#### [ASSIGNMENT]
Only one stretch of the listing below is wanted: the line with "Definition is_subbarrier (a" and all lines after it. Reproduce that stretch exactly.
◇ ◇ ◇ ◇ ◇ ◇ ◇
Lemma uniform_cvg_reaction M a c d (pn qn : nat -> R -> R) (p q : R -> R) : 0 <= a -> 0 <= M ->
  (forall n x, c <= x <= d -> 0 <= pn n x <= 1 /\ 0 <= qn n x <= 1) ->
  (forall x, c <= x <= d -> 0 <= p x <= 1 /\ 0 <= q x <= 1) ->
  uniform_cvg_on c d pn p -> uniform_cvg_on c d qn q ->
  uniform_cvg_on c d (fun n x => reaction M a (pn n x) (qn n x)) (fun x => reaction M a (p x) (q x)).
Proof.
  intros Ha HM Hn Hl Hp Hq eps Heps.
  set (K := 1 + M + a). assert (HK : 0 < K) by (unfold K; lra).
  destruct (Hp (eps / (2 * K))) as [N1 HN1]; [apply Rdiv_lt_0_compat; lra|].
  destruct (Hq (eps / (2 * K))) as [N2 HN2]; [apply Rdiv_lt_0_compat; lra|].
  exists (Nat.max N1 N2). intros n x Hnx Hx.
  specialize (HN1 n x ltac:(lia) Hx). specialize (HN2 n x ltac:(lia) Hx).
  destruct (Hn n x Hx). destruct (Hl x Hx).
  eapply Rle_trans; [apply reaction_lipschitz; auto|]. fold K.
  apply Rle_trans with (K * (eps / (2 * K) + eps / (2 * K))); [apply Rmult_le_compat_l; lra|].
  right. field. lra.
Qed.

(** * Monotone iteration *)

Definition is_subbarrier (a b L : R) (phi psi : R -> R) : Prop :=
  (forall x, 0 <= x <= L -> cont_on_closed L phi x /\ cont_on_closed L psi x) /\
  (forall x, 0 < x < L ->
     ex_derive phi x /\ ex_derive (Derive phi) x /\
     ex_derive psi x /\ ex_derive (Derive psi) x /\
     - Derive (Derive phi) x <= phi x * (1 - phi x - a * psi x) /\
     psi x * (1 - b * phi x - psi x) <= - Derive (Derive psi) x /\
     0 < phi x < 1 /\ 0 < psi x < 1) /\
  phi 0 = 0 /\ phi L = 0 /\ psi 0 = 1 /\ psi L = 1.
◇ ◇ ◇ ◇ ◇ ◇ ◇
#### [THE COMPLETED TASK]
Definition is_subbarrier (a b L : R) (phi psi : R -> R) : Prop :=
  (forall x, 0 <= x <= L -> cont_on_closed L phi x /\ cont_on_closed L psi x) /\
  (forall x, 0 < x < L ->
     ex_derive phi x /\ ex_derive (Derive phi) x /\
     ex_derive psi x /\ ex_derive (Derive psi) x /\
     - Derive (Derive phi) x <= phi x * (1 - phi x - a * psi x) /\
     psi x * (1 - b * phi x - psi x) <= - Derive (Derive psi) x /\
     0 < phi x < 1 /\ 0 < psi x < 1) /\
  phi 0 = 0 /\ phi L = 0 /\ psi 0 = 1 /\ psi L = 1.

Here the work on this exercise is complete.